Posted: Wed Feb 13, 2013 2:27 pm
by paulmansour
Dyalog provides a function in the documentation to read a UTF-8 file, where the heart of the code is:

      'UTF-8' ⎕UCS {⍵+256×⍵<0} i


where i are ints read from a file using type 83.

However, you can also, I think, do:

      'UTF-8'⎕UCS ⎕UCS c


where c are the chars read from the file using type 80.

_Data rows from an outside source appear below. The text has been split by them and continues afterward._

(* Let $G=\langle a,b\mid aba^{-1}=b^{-1}\rangle$ (the fundamental group of the Klein bottle). For $d\geq1$ put $$a_d=\begin{cases}1 & d\text{ odd},\\ \frac{d+6}{4} & d\equiv 2 \pmod 4,\\ \frac{d+4}{4} & d\equiv 0\pmod 4.\end{cases}$$ Then for every $n\geq1$ the number of conjugacy classes of subgroups of index $n$ in $G$ equals $\sum_{d\mid n}a_d$. *)

From mathcomp Require Import all_boot all_order all_algebra.
Set Implicit Arguments. Unset Strict Implicit. Unset Printing Implicit Defensive.
Import Order.TTheory GRing.Theory Num.Theory.
Local Open Scope ring_scope.

(* The Klein bottle group G = < a, b | a b a^-1 = b^-1 >, realised by its
   normal form: the pair (m, k) stands for b^m a^k.  Since a^k b^m = b^((-1)^k m) a^k,
   (b^m a^k)(b^m' a^k') = b^(m + (-1)^k m') a^(k+k'), i.e. G = Z \rtimes Z. *)
Definition KG := (int * int)%type.

Definition ksign (k : int) : int := if odd `|k|%N then -1 else 1.

Definition kmul (x y : KG) : KG := (x.1 + ksign x.2 * y.1, x.2 + y.2).
Definition kinv (x : KG) : KG := (- (ksign x.2 * x.1), - x.2).
Definition kone : KG := (0, 0).
Definition ka : KG := (0, 1).
Definition kb : KG := (1, 0).

Definition is_subgroup (H : KG -> Prop) : Prop :=
  H kone /\ (forall x y, H x -> H y -> H (kmul x y)) /\ (forall x, H x -> H (kinv x)).

Definition has_index (H : KG -> Prop) (n : nat) : Prop :=
  exists r : 'I_n -> KG, forall g, exists! i : 'I_n, H (kmul (kinv (r i)) g).

Definition conjugate (H K : KG -> Prop) : Prop :=
  exists x : KG, forall g, K g <-> H (kmul (kmul (kinv x) g) x).

Definition num_conj_classes_index (n N : nat) : Prop :=
  exists C : 'I_N -> (KG -> Prop),
    (forall i, is_subgroup (C i) /\ has_index (C i) n) /\
    (forall i j, conjugate (C i) (C j) -> i = j) /\
    (forall H, is_subgroup H -> has_index H n -> exists i, conjugate H (C i)).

My question is, are these always equivalent? If so, any reason to prefer one over the other? I have not taken the time to compare the speeds yet.

Re: Reading UTF 8 Files

Posted: Wed Feb 13, 2013 5:13 pm
by Phil Last
Reading a 4.4MB UTF-8 file (the Project Gutenberg King James' Bible with a "⍠" added to line[0]) once you have i and c in the ws doing the algorithms posted is perhaps 2% quicker for c than i. But isolating the difference (⎕UCS c) vs ({⍵-256×⍵<0}i) makes working with c about 400% faster.

This huge difference is presumably because the UTF-8 conversion is about 98% of the entire process.

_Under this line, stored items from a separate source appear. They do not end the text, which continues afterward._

Lemma exists_small_indegree (A : {set T}) : A != set0 ->
  exists2 x, x \in A & #|[set y in A | x \in out y]| <= D.
Proof.
case/set0Pn=> x0 Ax0; set indeg := fun x => #|[set y in A | x \in out y]|.
have [x Ax xmin] := arg_minnP indeg Ax0; exists x => //.
have sum_indeg : \sum_(z in A) indeg z <= #|A| * D.
  rewrite (eq_bigr (fun z => \sum_(y in A) (z \in out y : nat))); last first.
    by move=> z _; rewrite /indeg card_setId_sum.
  rewrite exchange_big /= -sum_nat_const; apply: leq_sum => y _.
  rewrite (leq_trans _ (card_out_le y)) // -card_setId_sum.
  by apply/subset_leq_card/subsetP => z; rewrite inE => /andP [].
have A_gt0 : 0 < #|A| by apply/card_gt0P; exists x0.
by rewrite -(leq_pmul2l A_gt0) (leq_trans _ sum_indeg) // -sum_nat_const leq_sum.
Qed.

Lemma bounded_outdegree_coloring (A : {set T}) :
  exists f : T -> 'I_(2 * D).+1,
    {in A &, forall x y, x != y -> conflict x y -> f x != f y}.
Proof.
move: {2}#|A| (leqnn #|A|) => n; elim: n A => [|n IH] A hA.
  by exists (fun _ => ord0) => x y; move: hA; rewrite leqn0 cards_eq0 => /eqP ->; rewrite inE.
have [->|A0] := eqVneq A set0; first by exists (fun _ => ord0) => x y; rewrite inE.
have [x Ax indeg_x] := exists_small_indegree A0.
have [g g_ok] : exists g : T -> 'I_(2 * D).+1,
    {in A :\ x &, forall x0 y0, x0 != y0 -> conflict x0 y0 -> g x0 != g y0}.
  by apply: IH; move: hA; rewrite (cardsD1 x) Ax.
set nbrs := [set y in A :\ x | conflict x y].
have nbrs_sub : nbrs \subset out x :|: [set y in A | x \in out y].
  apply/subsetP => y; rewrite !inE => /andP [/andP [yx Ay] cxy].
  have xy : x != y by rewrite eq_sym.
  by case/orP: (conflict_out xy cxy) => ->; rewrite ?Ay ?orbT.
have card_nbrs : #|[set g y | y in nbrs]| <= 2 * D.
  rewrite (leq_trans (leq_imset_card _ _)) // (leq_trans (subset_leq_card nbrs_sub)) //.
  by rewrite (leq_trans (card_setU_le _ _)) // mul2n -addnn leq_add.
have [k k_free] : exists k, k \notin [set g y | y in nbrs].
  apply/existsP; rewrite -negb_forall; apply: contraTN card_nbrs => /forallP all_used.
  have : #|[set: 'I_(2 * D).+1]| <= #|[set g y | y in nbrs]|.
    by apply/subset_leq_card/subsetP => i _; apply: all_used.
  by rewrite cardsT card_ord -ltnNge.
have g_nbrs z : z \in A -> z != x -> conflict x z -> g z \in [set g y | y in nbrs].
  by move=> Az zx cxz; apply: imset_f; rewrite !inE zx Az.
exists (fun z => if z == x then k else g z) => x0 y0 Ax0 Ay0 x0y0 c0.
case: (eqVneq x0 x) => [ex0|x0x]; case: (eqVneq y0 x) => [ey0|y0x].
- by rewrite ex0 ey0 eqxx in x0y0.
- by apply: contraNneq k_free => ->; apply: g_nbrs; rewrite // -ex0.
- by apply: contraNneq k_free => <-; apply: g_nbrs; rewrite // -ey0 conflict_sym.
- by apply: g_ok; rewrite // !inE ?x0x ?y0x.
Qed.

End BoundedOutdegreeColoring.

Section SparseEdges.

Variables (T : finType) (E : {set {set T}}).
Hypothesis card_edge : {in E, forall e : {set T}, #|e| = 3}.

Definition star v u := [set e in E | (v \in e) && (u \in e)].

Lemma star_sym v u : star v u = star u v.
Proof. by apply/setP => e; rewrite !inE [(v \in e) && _]andbC. Qed.

Definition sunflower v (F : {set {set T}}) :=
  [&& F \subset E, [forall f in F, v \in f] &
      [forall f1 in F, forall f2 in F, (f1 != f2) ==> (f1 :&: f2 == [set v])]].

Definition max_sunflower v := [arg max_(F > set0 | sunflower v F) #|F|].

Definition petals v := \bigcup_(f in max_sunflower v) (f :\ v).

Lemma sunflower0 v : sunflower v set0.
Proof.
by rewrite /sunflower sub0set; apply/and3P; split=> //; apply/forallP => f; rewrite inE.
Qed.

Lemma max_sunflowerP v :
  sunflower v (max_sunflower v) /\
  forall F, sunflower v F -> #|F| <= #|max_sunflower v|.
Proof. by rewrite /max_sunflower; case: arg_maxnP; first exact: sunflower0. Qed.

Lemma mem_max_sunflower v f : f \in max_sunflower v -> f \in E /\ v \in f.
Proof.
case: (max_sunflowerP v) => /and3P [/subsetP sFE /forallP Fv _] _ fF.
by split; [apply: sFE | have := Fv f; rewrite fF].
Qed.

Lemma card_edgeD1 v e : e \in E -> v \in e -> #|e :\ v| = 2.
Proof. by move=> eE ve; have := cardsD1 v e; rewrite ve card_edge // => -[]. Qed.

Lemma notin_petals v : v \notin petals v.
Proof. by apply/bigcupP => -[f _]; rewrite !inE eqxx. Qed.

Lemma card_petals v : #|petals v| <= #|max_sunflower v| * 2.
Proof.
apply: card_bigcup_le_mul => f /mem_max_sunflower [fE vf].
by rewrite card_edgeD1.
Qed.

Lemma edge_meets_petals v e :
  e \in E -> v \in e -> exists2 u, u \in e :\ v & u \in petals v.
Proof.
(* Otherwise [e] could be added to the maximum sunflower at [v]. *)
move=> eE ve; apply/exists_inP; apply: contraT; rewrite negb_exists_in => /forall_inP no_petal.
have fresh u : u \in e -> u != v -> u \notin petals v.
  by move=> ue uv; apply: no_petal; rewrite !inE uv.
have in_petals f u : f \in max_sunflower v -> u \in f -> u != v -> u \in petals v.
  by move=> fF uf uv; apply/bigcupP; exists f; rewrite // !inE uv.
have [sunF maxF] := max_sunflowerP v.
have eF : e \notin max_sunflower v.
  apply/negP => eF; have /card_gt0P [u] : 0 < #|e :\ v| by rewrite card_edgeD1.
  by rewrite !inE => /andP [uv ue]; case/negP: (fresh u ue uv); apply: in_petals eF ue uv.
have meet_v f : f \in max_sunflower v -> e :&: f = [set v].
  move=> fF; have [_ vf] := mem_max_sunflower fF; apply/setP => z; rewrite !inE.
  have [->|zv] := eqVneq z v; first by rewrite ve vf.
  by apply/negbTE/andP => -[ze zf]; case/negP: (fresh z ze zv); apply: in_petals fF zf zv.
suff /maxF : sunflower v (e |: max_sunflower v) by rewrite cardsU1 eF ltnn.
case/and3P: sunF => sFE /forall_inP Fv /forall_inP Fmeet.
apply/and3P; split.
- by rewrite subUset sub1set eE sFE.
- by apply/forall_inP => f /setU1P [->|/Fv].
apply/forall_inP => f1 /setU1P [->|f1F]; apply/forall_inP => f2 /setU1P [->|f2F];
  apply/implyP => f12.
- by rewrite eqxx in f12.
- by rewrite meet_v.
- by rewrite setIC meet_v.
- by have /forall_inP/(_ f2 f2F)/implyP := Fmeet f1 f1F; apply.
Qed.

Variables (adj : rel T) (m s : nat).
Hypothesis adj_neq : forall v u, adj v u -> v != u.
Hypothesis adj_sym : symmetric adj.
Hypothesis card_sunflower : forall v F, sunflower v F -> #|F| <= m.
Hypothesis card_star_adj : forall v u, adj v u -> 2 * m < #|star v u|.
Hypothesis card_star_nonadj : forall v u, v != u -> ~~ adj v u -> #|star v u| <= s.

Definition nbr v := [set u | adj v u].

Definition nbr_free_edges v := [set e in E | (v \in e) && [forall u in e, ~~ adj v u]].

Definition reach v :=
  v |: (nbr v :|: \bigcup_(u in nbr v) nbr u :|: \bigcup_(e in nbr_free_edges v) (e :\ v)).

(* With [E := Hedges X y] and [adj := adjG X y L2] this unfolds to [E2 X y L2]. *)
Definition sparse_edges :=
  E :\: [set e in E | [exists v1, exists v2, [&& v1 \in e, v2 \in e & adj v1 v2]]].

Lemma card_petals_le v : #|petals v| <= 2 * m.
Proof.
have [sunF _] := max_sunflowerP v.
by rewrite mulnC (leq_trans (card_petals v)) // leq_mul2r (card_sunflower sunF) orbT.
Qed.

Lemma nbr_sub_petals v : nbr v \subset petals v.
Proof.
apply/subsetP => w; rewrite inE => avw; apply: contraT => w_petal.
have star_sub : star v w \subset [set [set v; w; u] | u in petals v].
  apply/subsetP => e; rewrite inE => /andP [eE /andP [ve we]].
  have [u /setD1P [uv ue] u_petal] := edge_meets_petals eE ve.
  apply/imsetP; exists u => //; apply: card3_eq => //.
  - exact: card_edge.
  - exact: adj_neq.
  - by rewrite eq_sym.
  - by apply: contraNneq w_petal => ->.
have := leq_trans (subset_leq_card star_sub) (leq_imset_card _ _).
by rewrite leqNgt (leq_ltn_trans (card_petals_le v)) ?card_star_adj.
Qed.

Lemma card_nbr_le v : #|nbr v| <= 2 * m.
Proof. exact: leq_trans (subset_leq_card (nbr_sub_petals v)) (card_petals_le v). Qed.

Lemma card_nbr_free_edges v : #|nbr_free_edges v| <= 2 * m * s.
Proof.
set U := [set u in petals v | ~~ adj v u].
have sub_stars : nbr_free_edges v \subset \bigcup_(u in U) star v u.
  apply/subsetP => e; rewrite inE => /andP [eE /andP [ve /forall_inP nonadj]].
  have [u /setD1P [uv ue] u_petal] := edge_meets_petals eE ve.
  by apply/bigcupP; exists u; rewrite !inE ?u_petal ?nonadj ?eE ?ve.
have card_U : #|U| <= 2 * m.
  by rewrite (leq_trans _ (card_petals_le v)) // subset_leq_card // /U setIdE subsetIl.
apply: leq_trans (subset_leq_card sub_stars) (leq_trans (card_bigcup_le_mul (k := s) _) _).
  move=> u; rewrite inE => /andP [u_petal nonadj]; apply: card_star_nonadj => //.
  by apply: contraNneq (notin_petals v) => vu; rewrite {1}vu.
by rewrite leq_mul2r card_U orbT.
Qed.

Lemma sparse_edge_nbr_free v e : e \in sparse_edges -> v \in e -> e \in nbr_free_edges v.
Proof.
rewrite !inE => /andP [dense eE] ve; rewrite eE ve; apply/forall_inP => u ue.
apply: contra dense => avu; rewrite eE.
by apply/existsP; exists v; apply/existsP; exists u; rewrite ve ue.
Qed.

Definition reach_bound := 1 + 2 * m * (1 + 2 * m + 2 * s).

Lemma card_reach v : #|reach v| <= reach_bound.
Proof.
have card_nbr2 : #|\bigcup_(u in nbr v) nbr u| <= 2 * m * (2 * m).
  apply: leq_trans (card_bigcup_le_mul (fun u _ => card_nbr_le u)) _.
  by rewrite leq_mul2r card_nbr_le orbT.
have card_nbr_free : #|\bigcup_(e in nbr_free_edges v) (e :\ v)| <= 2 * m * s * 2.
  apply: leq_trans (card_bigcup_le_mul (k := 2) _) _.
    by move=> e; rewrite inE => /andP [eE /andP [ve _]]; rewrite card_edgeD1.
  by rewrite leq_mul2r card_nbr_free_edges orbT.
rewrite /reach cardsU1 /reach_bound leq_add ?leq_b1 // (leq_trans (card_setU_le _ _)) //.
apply: leq_trans (leq_add (card_setU_le _ _) (leqnn _)) _.
apply: leq_trans (leq_add (leq_add (card_nbr_le v) card_nbr2) card_nbr_free) _; nia.
Qed.

Definition out e1 := [set e2 in sparse_edges | (e1 \in sparse_edges) &&
  [exists v in e1, exists w in e2, w \in reach v]].

Definition out_bound := 3 * reach_bound * (2 * m * s).

Lemma card_out e1 : #|out e1| <= out_bound.
Proof.
have [e1_sparse|e1_dense] := boolP (e1 \in sparse_edges); last first.
  rewrite (_ : out e1 = set0) ?cards0 //; apply/setP => e2.
  by rewrite /out in_set0 inE (negbTE e1_dense) /= andbF.
have out_sub : out e1 \subset \bigcup_(v in e1) \bigcup_(w in reach v) nbr_free_edges w.
  apply/subsetP => e2; rewrite inE => /andP [e2_sparse /andP [_ ]].
  case/exists_inP => v ve1 /exists_inP [w we2 wv].
  by apply/bigcupP; exists v => //; apply/bigcupP; exists w => //; apply: sparse_edge_nbr_free.
have card_e1 : #|e1| = 3 by apply: card_edge; move: e1_sparse; rewrite inE => /andP [].
apply: leq_trans (subset_leq_card out_sub) _.
apply: leq_trans (card_bigcup_le_mul (k := reach_bound * (2 * m * s)) _) _.
  move=> v _; apply: leq_trans (card_bigcup_le_mul (fun w _ => card_nbr_free_edges w)) _.
  by rewrite leq_mul2r card_reach orbT.
by rewrite card_e1 /out_bound mulnA.
Qed.

Definition conflict e1 e2 := [&& e1 \in sparse_edges, e2 \in sparse_edges &
  [exists e in E, (e :&: e1 != set0) && (e :&: e2 != set0)]].

Lemma conflict_sym : symmetric conflict.
Proof.
move=> e1 e2; apply/and3P/and3P => -[s1 s2 /exists_inP [e eE /andP [m1 m2]]];
  by split => //; apply/exists_inP; exists e; rewrite ?m1 ?m2.
Qed.

Lemma exists_nbr_in_edge v e : e \in E -> v \in e -> e \notin nbr_free_edges v ->
  exists2 u, u \in e & adj v u.
Proof. by rewrite inE => eE ve; rewrite eE ve => /forall_inPn [u ue /negPn]; exists u. Qed.

Lemma mem_reach v w : w \in reach v = [|| w == v, adj v w,
  w \in \bigcup_(u in nbr v) nbr u | w \in \bigcup_(e in nbr_free_edges v) (e :\ v)].
Proof. by rewrite /reach in_setU1 !in_setU inE -orbA. Qed.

I found no difference in the results.

Re: Reading UTF 8 Files

Posted: Thu Feb 14, 2013 8:56 am
by Morten|Dyalog
paulmansour wrote:My question is, are these always equivalent? If so, any reason to prefer one over the other?

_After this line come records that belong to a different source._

(* For all $i=1,\dots,r$, under the free field action of $\hat{\mathfrak g}$ on $M_N\otimes\hat\pi^{k-k_c}_N$ described in the context, \[h_{i,N}|0\rangle'=b_{i,N}|0\rangle',\] where $|0\rangle'=|0\rangle\otimes|0\rangle$ and $h_{i,N}=h_{\alpha_i}\otimes t^N$.
   Context: Let $\mathfrak g$ be a simple complex Lie algebra with triangular decomposition $\mathfrak g=\mathfrak u_-\oplus\mathfrak h\oplus\mathfrak u$, positive roots $\Delta_+$, simple roots $\alpha_1,\dots,\alpha_r$, $h_i=h_{\alpha_i}$ the coroots. Let $(x,y)=\frac{1}{2h^\vee}\mathrm{tr}(\mathrm{ad}_x\mathrm{ad}_y)$, $k_c=-h^\vee$, and $\hat{\mathfrak g}=\mathfrak g\otimes\mathbb C((t))\oplus\mathbb C\mathbf 1$ the affine Kac–Moody algebra with $[x_1\otimes g_1,x_2\otimes g_2]=[x_1,x_2]\otimes g_1g_2+(x_1,x_2)\mathrm{Res}_t(g_1dg_2)\mathbf 1$. Fix $N\ge1$. $\mathcal A$ is generated by $a_{\alpha,n},a^*_{\alpha,n}$ ($\alpha\in\Delta_+,n\in\mathbb Z$) with $[a_{\alpha,n},a^*_{\beta,m}]=\delta_{\alpha\beta}\delta_{n,-m}$, others zero; $M_N$ is the $\mathcal A$-module generated by $|0\rangle$ with $a_{\alpha,n}|0\rangle=0$ ($n\ge N$), $a^*_{\alpha,n}|0\rangle=0$ ($n\ge0$). $\hat{\mathfrak h}_\kappa$ has basis $b_{i,n}$, central $\mathbf 1$, $[b_{i,n},b_{j,m}]=-n\kappa(h_i,h_j)\delta_{n,-m}\mathbf 1$; $\hat\pi^\kappa_N$ is generated by $|0\rangle$ with $b_{i,n}|0\rangle=0$ ($n>N$), $\mathbf 1=1$. In the free field realization, the field $h_i(z)=\sum_n(h_i\otimes t^n)z^{-n-1}$ acts on $M_N\otimes\hat\pi^{k-k_c}_N$ by $-\sum_{\beta\in\Delta_+}\beta(h_i){:}a^*_\beta(z)a_\beta(z){:}+b_i(z)$, where $a_\beta(z)=\sum a_{\beta,n}z^{-n-1}$, $a^*_\beta(z)=\sum a^*_{\beta,n}z^{-n}$, $b_i(z)=\sum b_{i,n}z^{-n-1}$ and normal ordering moves $a_{\beta,n}$ ($n\ge0$) and $a^*_{\beta,m}$ ($m>0$) to the right. *)

From HB Require Import structures.
From mathcomp Require Import all_boot all_order all_algebra.
Set Implicit Arguments. Unset Strict Implicit. Unset Printing Implicit Defensive.
Import Order.TTheory GRing.Theory Num.Theory.
Local Open Scope ring_scope.

(* Operators on a module V over C: modes indexed by roots (D) or by
   coroot indices ('I_r), and by integers n. *)

Definition kdelta {C : nzRingType} (b : bool) : C := if b then 1 else 0.

(** Normally ordered mode term  :a*_{beta,m} a_{beta,n}:  with m = N - n,
    i.e. the contribution to the z^{-N-1} coefficient of :a*_beta(z) a_beta(z):.
    Normal ordering moves a_{beta,n} (n >= 0) and a*_{beta,m} (m > 0) to the
    right: when n < 0 and m > 0 the order is swapped to a_{beta,n} a*_{beta,m};
    otherwise (the two operators being already in order, or commuting) the
    product is a*_{beta,m} a_{beta,n}. *)
Definition nterm {C : nzRingType} {V : lmodType C} {D : Type}
  (a astar : D -> int -> V -> V) (beta : D) (N n : int) (v : V) : V :=
  let m := N - n in
  if (n < 0) && (0 < m) then a beta n (astar beta m v)
  else astar beta m (a beta n v).

Definition window_sum {C : nzRingType} {V : lmodType C} (f : int -> V) (K : nat) : V :=
  \sum_(k < (2 * K).+1) f (k%:Z - K%:Z).

(** [f] is summable over Z with sum [s] (partial sums are eventually equal
    to s; this is the topology in which mode expansions of fields act on
    smooth modules). *)
Definition sums_to {C : nzRingType} {V : lmodType C} (f : int -> V) (s : V) : Prop :=
  exists K0 : nat, forall K : nat, (K0 <= K)%N -> window_sum f K = s.

(** [h_mode_act ... i N v w] : the mode h_{i,N} = h_{alpha_i} (x) t^N of the field
    h_i(z) = - sum_{beta in Delta_+} beta(h_i) :a*_beta(z) a_beta(z): + b_i(z)
    sends v to w.  Here [c beta i] stands for beta(h_i). *)
Definition h_mode_act {C : nzRingType} {V : lmodType C} {D : finType} {r : nat}
  (a astar : D -> int -> V -> V) (b : 'I_r -> int -> V -> V)
  (c : D -> 'I_r -> C) (i : 'I_r) (N : int) (v w : V) : Prop :=
  exists s : V,
    sums_to (fun n => \sum_(beta : D) c beta i *: nterm a astar beta N n v) s /\
    w = - s + b i N v.

From HB Require Import structures.
From mathcomp Require Import all_boot all_order all_algebra.
Import Order.TTheory GRing.Theory Num.Theory.
Local Open Scope ring_scope.
Set Implicit Arguments.
Unset Strict Implicit.
Unset Printing Implicit Defensive.

(* Every normally ordered term of the z^{-N-1} coefficient of :a*_beta(z) a_beta(z):
   kills the vacuum: either its rightmost factor is an annihilator a_{beta,n} with
   n >= N or a*_{beta,m} with m > 0, or it is a*_{beta,N-n} a_{beta,n} with
   0 <= n < N, which equals a_{beta,n} a*_{beta,N-n} because n + (N - n) = N != 0.
   Hence the sum defining h_{i,N}|0>' vanishes and only b_{i,N}|0>' survives. *)

Lemma sums_to0 {C : nzRingType} {V : lmodType C} (f : int -> V) :
  (forall n, f n = 0) -> sums_to f 0.
Proof.
by move=> f0; exists 0%N => K _; apply: big1 => k _; rewrite f0.
Qed.

Section NormalOrderedVacuum.

Variables (C : nzRingType) (V : lmodType C) (D : eqType).
Variables (a astar : D -> int -> {linear V -> V}) (N : int) (vac : V).

Hypothesis N_neq0 : N != 0.
Hypothesis a_astar_comm : forall beta n m v,
  a beta n (astar beta m v) - astar beta m (a beta n v)
  = kdelta (n == - m) *: v.
Hypothesis a_vac : forall beta n, N <= n -> a beta n vac = 0.
Hypothesis astar_vac : forall beta m, 0 <= m -> astar beta m vac = 0.

Lemma nterm_vac_eq0 beta n :
  nterm (fun al n => a al n) (fun al n => astar al n) beta N n vac = 0.
Proof.
rewrite /nterm; case: ifP => [/andP[_ m_gt0] | not_swapped].
  by rewrite astar_vac ?raddf0 // ltW.
have [N_le_n | n_lt_N] := lerP N n; first by rewrite a_vac // raddf0.
have m_gt0 : 0 < N - n by rewrite subr_gt0.
have n_ge0 : 0 <= n.
  by rewrite leNgt; apply: contraFN not_swapped => n_lt0; rewrite n_lt0 m_gt0.
have n_neq_Nm : (n == - (N - n)) = false.
  by rewrite opprB -subr_eq0 opprB addrC subrK; exact: negbTE.
apply/eqP; rewrite -oppr_eq0.
have := a_astar_comm beta n (N - n) vac.
by rewrite astar_vac ?ltW // raddf0 sub0r n_neq_Nm scale0r => ->.
Qed.

End NormalOrderedVacuum.

Theorem mainTheorem9
  (C : numClosedFieldType)          (* the complex numbers *)
  (D : finType)                     (* the positive roots Delta_+ *)
  (r : nat)                         (* the rank; coroots h_i, i : 'I_r *)
  (c : D -> 'I_r -> C)              (* c beta i = beta(h_i) *)
  (kap : 'I_r -> 'I_r -> C)         (* kap i j = (k - k_c) (h_i, h_j) *)
  (N : nat) (HN : (1 <= N)%N)
  (V : lmodType C)                  (* the module M_N (x) hat-pi^{k-k_c}_N *)
  (a astar : D -> int -> {linear V -> V})
  (b : 'I_r -> int -> {linear V -> V})
  (vac : V)                         (* |0>' = |0> (x) |0> *)
  (* Weyl algebra A relations *)
  (Haas : forall al be n m v,
      a al n (astar be m v) - astar be m (a al n v)
      = kdelta ((al == be) && (n == - m)) *: v)
  (Haa : forall al be n m v, a al n (a be m v) = a be m (a al n v))
  (Hss : forall al be n m v, astar al n (astar be m v) = astar be m (astar al n v))
  (* Heisenberg algebra hat-h_kappa relations, central element acting by 1 *)
  (Hbb : forall i j n m v,
      b i n (b j m v) - b j m (b i n v)
      = (- n%:~R * kap i j * kdelta (n == - m)) *: v)
  (* the two tensor factors commute *)
  (Hab : forall al i n m v, a al n (b i m v) = b i m (a al n v))
  (Hsb : forall al i n m v, astar al n (b i m v) = b i m (astar al n v))
  (* vacuum conditions *)
  (Hva : forall al n, (N%:Z <= n) -> a al n vac = 0)
  (Hvs : forall al n, (0 <= n) -> astar al n vac = 0)
  (Hvb : forall i n, (N%:Z < n) -> b i n vac = 0)
  (i : 'I_r) :
  h_mode_act (fun al n => a al n) (fun al n => astar al n) (fun j n => b j n)
    c i N%:Z vac (b i N%:Z vac).
Proof.
have N_neq0 : N%:Z != 0 by rewrite eqz_nat -lt0n.
have a_astar_comm beta n m v :
    a beta n (astar beta m v) - astar beta m (a beta n v)
    = kdelta (n == - m) *: v by rewrite Haas eqxx.
exists 0; split; last by rewrite oppr0 add0r.
apply: sums_to0 => n; apply: big1 => beta _.
by rewrite (nterm_vac_eq0 N_neq0 a_astar_comm Hva Hvs) scaler0.
Qed.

I believe they are equivalent. I would suggest:
1) Always prefer the simpler expression: It is easier to read, more likely to run fast, and more likely to be recognized as an idiom or by other future optimization mechanisms that Dyalog may introduce.
2) If simpler expressions turn out to run slower than equivalent complicated ones, complain to Dyalog and help increase the likelihood of the benefits mentioned above :-).

Re: Reading UTF 8 Files

Posted: Thu Feb 14, 2013 5:38 pm
by PMH
You can replace

Code: Select all

{⍵+256×⍵<0}

with

Code: Select all

256|

Re: Reading UTF 8 Files

Posted: Thu Feb 14, 2013 8:47 pm
by DanB|Dyalog
Just a note:
you can do any of
'UTF-8'⎕ucs {⍵+256×⍵<0}i
'UTF-8'⎕ucs 256|i
'UTF-8'⎕ucs ⎕ucs 80 ⎕dr i
'UTF-8'⎕ucs ⎕ucs c

Timings reveal that 256| is better

]cpu 256|v {⍵+256×⍵<0}v "⎕ucs 80 ⎕dr v" "⎕ucs c" -compare

256|v → 1.9E¯5 | 0% ⎕⎕⎕⎕⎕⎕⎕⎕⎕⎕⎕⎕⎕⎕⎕⎕
{⍵+256×⍵<0}v → 4.6E¯5 | +149% ⎕⎕⎕⎕⎕⎕⎕⎕⎕⎕⎕⎕⎕⎕⎕⎕⎕⎕⎕⎕⎕⎕⎕⎕⎕⎕⎕⎕⎕⎕⎕⎕⎕⎕⎕⎕⎕⎕⎕⎕
⎕ucs 80 ⎕dr v → 4.0E¯5 | +114% ⎕⎕⎕⎕⎕⎕⎕⎕⎕⎕⎕⎕⎕⎕⎕⎕⎕⎕⎕⎕⎕⎕⎕⎕⎕⎕⎕⎕⎕⎕⎕⎕⎕⎕
⎕ucs c → 3.8E¯5 | +106% ⎕⎕⎕⎕⎕⎕⎕⎕⎕⎕⎕⎕⎕⎕⎕⎕⎕⎕⎕⎕⎕⎕⎕⎕⎕⎕⎕⎕⎕⎕⎕⎕⎕

but this is only true in 13.2 now that Roger has sped up some functions. Before 13.2 256| is slower.

Re: Reading UTF 8 Files

Posted: Sat Feb 16, 2013 3:51 pm
by paulmansour
Thanks all for responses.

PMH, you humble me. I think about how much code I could throw away if I knew what I was doing!

Dan, thanks for the research. I'm going to 13.2 as we speak and looking forward to performance improvements.